If you’re not paying for the product, you are the product
This phrase is frequently invoked to describe how much of the modern internet works. The digital tools many of us rely on are rarely free in the true sense of the word; instead, they are funded by the collection and monetisation of data about our interests, habits, and behaviour.
Yet, despite growing awareness of this reality, many of us are willing to accept the Faustian bargain. After all, the information being collected often seems trivial, and the systems that capture it are remote and complex. Do I really care if Google knows I need new hiking boots? And if Facebook understands my political views, then so what? I wear them on my sleeve anyway. Surely there are more important things to worry about?
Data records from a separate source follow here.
Lemma continuous_max_square (phi : C -> R) (r : R) : 0 <= r ->
  (forall y, in_square r y -> continuous phi y) ->
  exists zs, in_square r zs /\ forall y, in_square r y -> phi y <= phi zs.
Proof.
  intros Hr Hc.
  destruct (uniformly_continuous_max_square (fun t s => phi (clamp r t, clamp r s)) r Hr)
    as [t0 [s0 [Ht0 [Hs0 Hmax]]]].
  - intros e He. destruct (square_uniform_continuity phi r Hc e He) as [d [Hd Hphi]].
    exists d. split; [exact Hd|]. intros t s t' s' Ht Hs.
    apply Hphi; try (split; apply clamp_in; exact Hr);
      eapply Rle_lt_trans; try apply clamp_lipschitz; assumption.
  - apply Rabs_le in Ht0, Hs0.
    exists (t0, s0). split; [split; assumption|].
    intros y [Hy1 Hy2].
    specialize (Hmax (fst y) (snd y)
                  (proj1 (Rabs_le_between _ _) Hy1) (proj1 (Rabs_le_between _ _) Hy2)).
    simpl in Hmax. rewrite !clamp_id in Hmax by assumption.
    rewrite <- surjective_pairing in Hmax. exact Hmax.
Qed.

Lemma locally_in_square (r : R) (y : C) :
  Rabs (fst y) < r -> Rabs (snd y) < r -> locally y (in_square r).
Proof.
  intros Hy1 Hy2. apply locally_C. exists (Rmin (r - Rabs (fst y)) (r - Rabs (snd y))).
  split; [apply Rmin_glb_lt; lra|]. intros y' H1 H2.
  apply Rmin_Rgt_l in H1 as [H1 _], H2 as [_ H2].
  split; [replace (fst y') with ((fst y' - fst y) + fst y) by ring
         |replace (snd y') with ((snd y' - snd y) + snd y) by ring];
    (eapply Rle_trans; [apply Rabs_triang|]); lra.
Qed.

Lemma ex_interior_local_max (D : C -> Prop) (psi : C -> R) (r c : R) :
  open D -> 0 <= r ->
  (forall y, D y -> continuous psi y) ->
  (forall y, ~ D y -> in_square r y -> locally y (fun y' => D y' -> psi y' < c)) ->
  (forall y, D y -> in_square r y -> r <= Rabs (fst y) \/ r <= Rabs (snd y) -> psi y < c) ->
  forall y0, D y0 -> in_square r y0 -> c < psi y0 ->
  exists zs, D zs /\ locally zs (fun y => psi y <= psi zs).
Proof.
  intros HD Hr Hcont Hout Hedge y0 Hy0 Hy0sq Hy0c.
  set (phi := fun y => if excluded_middle_informative (D y) then Rmax (psi y) c else c).
  assert (Hphi : forall y, D y -> phi y = Rmax (psi y) c).
  { intros y Hy. unfold phi. destruct excluded_middle_informative; [reflexivity|contradiction]. }
  assert (Hphi_cont : forall y, in_square r y -> continuous phi y).
  { intros y Hy. destruct (classic (D y)) as [HDy|HDy].
    - apply (continuous_ext_loc phi (fun y => Rmax (psi y) c)).
      + refine (filter_imp _ _ _ (HD y HDy)). intros y' Hy'. symmetry. exact (Hphi y' Hy').
      + apply (continuous_comp psi (fun a => Rmax a c));
          [exact (Hcont y HDy) | apply continuous_Rmax_cst].
    - apply (continuous_ext_loc phi (fun _ => c)); [|apply continuous_const].
      refine (filter_imp _ _ _ (Hout y HDy Hy)). intros y' Hy'. unfold phi.
      destruct excluded_middle_informative as [HDy'|]; [|reflexivity].
      specialize (Hy' HDy'). unfold Rmax. destruct Rle_dec; lra. }
  destruct (continuous_max_square phi r Hr Hphi_cont) as [zs [Hzs Hmax]].
  assert (Hzs_c : c < phi zs).
  { apply Rlt_le_trans with (phi y0); [|exact (Hmax y0 Hy0sq)].
    rewrite (Hphi y0 Hy0). eapply Rlt_le_trans; [exact Hy0c | apply Rmax_l]. }
  assert (HzsD : D zs).
  { apply NNPP. intros HDzs. unfold phi in Hzs_c.
    destruct excluded_middle_informative; [contradiction | lra]. }
  rewrite (Hphi zs HzsD) in Hzs_c, Hmax.
  assert (Hpsi_zs : c < psi zs /\ Rmax (psi zs) c = psi zs)
    by (unfold Rmax in *; destruct Rle_dec; lra).
  destruct Hpsi_zs as [Hpsi_zs Hmax_zs]. rewrite Hmax_zs in Hmax.
  assert (Hint : Rabs (fst zs) < r /\ Rabs (snd zs) < r).
  { destruct (Rlt_or_le (Rabs (fst zs)) r) as [H1|H1], (Rlt_or_le (Rabs (snd zs)) r) as [H2|H2];
      try (generalize (Hedge zs HzsD Hzs ltac:(tauto)); lra). tauto. }
  exists zs. split; [exact HzsD|].
  assert (Hsq := locally_in_square r zs (proj1 Hint) (proj2 Hint)).
  refine (filter_imp _ _ _ (filter_and _ _ (HD zs HzsD) Hsq)). intros y [HDy Hy].
  apply Rle_trans with (phi y); [rewrite (Hphi y HDy); apply Rmax_l | exact (Hmax y Hy)].
Qed.

Lemma subharmonic_max_principle (D : C -> Prop) (u : C -> R) :
  open D ->
  (forall z, D z -> continuous u z) ->
  (forall z, D z -> exists L, 0 <= L /\ has_laplacian u z L) ->
  (forall z, ~ D z -> forall e, 0 < e -> locally z (fun y => D y -> u y < e)) ->
  (exists R0, forall z, D z -> R0 <= Cmod z -> u z <= 0) ->
  forall z, D z -> u z <= 0.
Proof.
  intros HD Hcont Hsub Hbdry [R0 Hinf] z0 Hz0.
  destruct (Rle_or_lt (u z0) 0) as [|Hth]; [assumption|exfalso].
  set (th := u z0) in *.
  set (r := Rabs R0 + Cmod z0 + 1).
  assert (Hr : 0 <= r) by (unfold r; generalize (Rabs_pos R0) (Cmod_ge_0 z0); lra).
  assert (Hz0sq : in_square r z0).
  { generalize (Rmax_Cmod z0) (Rmax_l (Rabs (fst z0)) (Rabs (snd z0)))
      (Rmax_r (Rabs (fst z0)) (Rabs (snd z0))) (Rabs_pos R0). unfold r. split; lra. }
  (* [eta * sqr_dist z0] has positive Laplacian but stays below [th / 8] on the square *)
  set (eta := th / (64 * (r + 1) ^ 2)).
  assert (Heta : 0 < eta)
    by (apply Rdiv_lt_0_compat; [lra | apply Rmult_lt_0_compat; [lra | apply pow_lt; lra]]).
  assert (Hsmall : forall y, in_square (r + 1) y -> eta * sqr_dist z0 y <= th / 8).
  { intros y Hy. apply Rle_trans with (eta * (8 * (r + 1) ^ 2)).
    - apply Rmult_le_compat_l; [lra|]. apply sqr_dist_le_square; [|exact Hy].
      destruct Hz0sq. split; lra.
    - unfold eta. right. field. lra. }
  destruct (ex_interior_local_max D (fun y => u y + eta * sqr_dist z0 y) r (th / 2) HD Hr)
    with (y0 := z0) as [zs [HzsD Hlocmax]].
  - intros y Hy.
    apply (@continuous_plus C_UniformSpace R_AbsRing R_NormedModule u); [exact (Hcont y Hy)|].
    apply (@continuous_scal C_UniformSpace R_AbsRing R_NormedModule (fun _ => eta));
      [apply continuous_const | apply continuous_sqr_dist].
  - intros y Hy Hysq.
    assert (Hnear := Hbdry y Hy (th / 4) ltac:(lra)).
    destruct Hysq as [Hy1 Hy2].
    assert (Hwide := locally_in_square (r + 1) y ltac:(lra) ltac:(lra)).
    refine (filter_imp _ _ _ (filter_and _ _ Hnear Hwide)).
    intros y' [Hu Hy'sq] Hy'. generalize (Hu Hy') (Hsmall y' Hy'sq). lra.
  - intros y Hy [Hy1 Hy2] Hedge.
    assert (HR0 : R0 <= Cmod y).
    { generalize (Rmax_Cmod y) (Rmax_l (Rabs (fst y)) (Rabs (snd y)))
        (Rmax_r (Rabs (fst y)) (Rabs (snd y))) (Rle_abs R0) (Cmod_ge_0 z0).
      unfold r in *. lra. }
    generalize (Hinf y Hy HR0) (Hsmall y ltac:(split; lra)). lra.
  - exact Hz0.
  - exact Hz0sq.
  - unfold sqr_dist. rewrite !Rminus_diag. replace (0 ^ 2 + 0 ^ 2) with 0 by ring. fold th. lra.
  - destruct (Hsub zs HzsD) as [L [HL HuL]].
    assert (Hlap : has_laplacian (fun y => u y + eta * sqr_dist z0 y) zs (L + eta * 4))
      by (apply has_laplacian_plus; [exact HuL | apply has_laplacian_scal, has_laplacian_sqr_dist]).
    generalize (has_laplacian_local_max _ zs _ Hlap Hlocmax). lra.
Qed.

(** * Bernstein-Walsh inequality *)

Definition abs_poly (a : nat -> R) (m : nat) (y : C) : R :=
  prodlt (fun l => Cmod (y - RtoC (a l))) m.

Definition log_abs_poly (a : nat -> R) (m : nat) (y : C) : R :=
  sumlt (fun l => ln (Cmod (y - RtoC (a l)))) m.

Lemma exp_log_abs_poly (a : nat -> R) (m : nat) (y : C) :
  (forall l, (l < m)%nat -> y <> RtoC (a l)) -> exp (log_abs_poly a m y) = abs_poly a m y.
Proof.
  unfold log_abs_poly, abs_poly. induction m as [|m IH]; intros Hy; simpl; [apply exp_0|].
  rewrite exp_plus, IH by (intros l Hl; apply Hy; lia).
  rewrite exp_ln by (apply Cmod_sub_pos, Hy; lia). reflexivity.
Qed.

Lemma continuous_abs_poly (a : nat -> R) (m : nat) (z : C) : continuous (abs_poly a m) z.
Proof.
  unfold abs_poly. induction m as [|m IH]; simpl; [apply continuous_const|].
  apply (@continuous_mult C_UniformSpace R_AbsRing _ (fun y => Cmod (y - RtoC (a m)))).
  - exact IH.
  - apply continuous_Cmod_sub.
Qed.

Lemma continuous_log_abs_poly (a : nat -> R) (m : nat) (z : C) :
  (forall l, (l < m)%nat -> z <> RtoC (a l)) -> continuous (log_abs_poly a m) z.
Proof.
  unfold log_abs_poly. induction m as [|m IH]; intros Hz; simpl; [apply continuous_const|].
  apply (@continuous_plus C_UniformSpace R_AbsRing R_NormedModule _
           (fun y => ln (Cmod (y - RtoC (a m))))).
  - apply IH. intros l Hl. apply Hz. lia.
  - apply (continuous_comp (fun y => Cmod (y - RtoC (a m))) ln); [apply continuous_Cmod_sub|].
    apply (@ex_derive_continuous R_AbsRing R_NormedModule). auto_derive.
    apply Cmod_sub_pos, Hz. lia.
Qed.

Lemma has_laplacian_log_abs_poly (a : nat -> R) (m : nat) (z : C) :
  (forall l, (l < m)%nat -> z <> RtoC (a l)) -> has_laplacian (log_abs_poly a m) z 0.
Proof.
  intros Hz. apply (has_laplacian_sumlt (fun l y => ln (Cmod (y - RtoC (a l))))).
  intros l Hl. apply has_laplacian_log_dist, Hz, Hl.
Qed.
But when we look at the broader picture, we begin to see how the mass-harvesting of our data is fuelling a broad transfer of power and wealth away from citizens, workers, and small businesses and into the hands of large corporations and increasingly authoritarian states.
Technofeudalism
On an economic level, the mass accumulation of data has enabled the transition towards what Yanis Varoufakis calls “technofeudalism”, in which companies like Google, Amazon, and Facebook own and control the markets that others are forced to compete in, charging fees and rents and manipulating markets in their favour. Once established, the companies are free to leverage their market dominance to maximise their profits by driving up the costs for other businesses operating on their platforms while degrading the overall quality of their services.
Systems driven by user data also have a destabilising effect on democracies. Data-driven algorithms designed to keep users engaged can serve up misinformation, driving conspiracy theories and extremism.
The advent of AI tools has added a new dimension to data privacy concerns. Companies now harvest vast amounts of data for model training, including individuals’ personal data, raising new privacy concerns (alongside the significant issues around plagiarism). The tools themselves exacerbate existing online safety issues by facilitating the spread of misinformation and enabling hackers and scammers to carry out attacks more easily.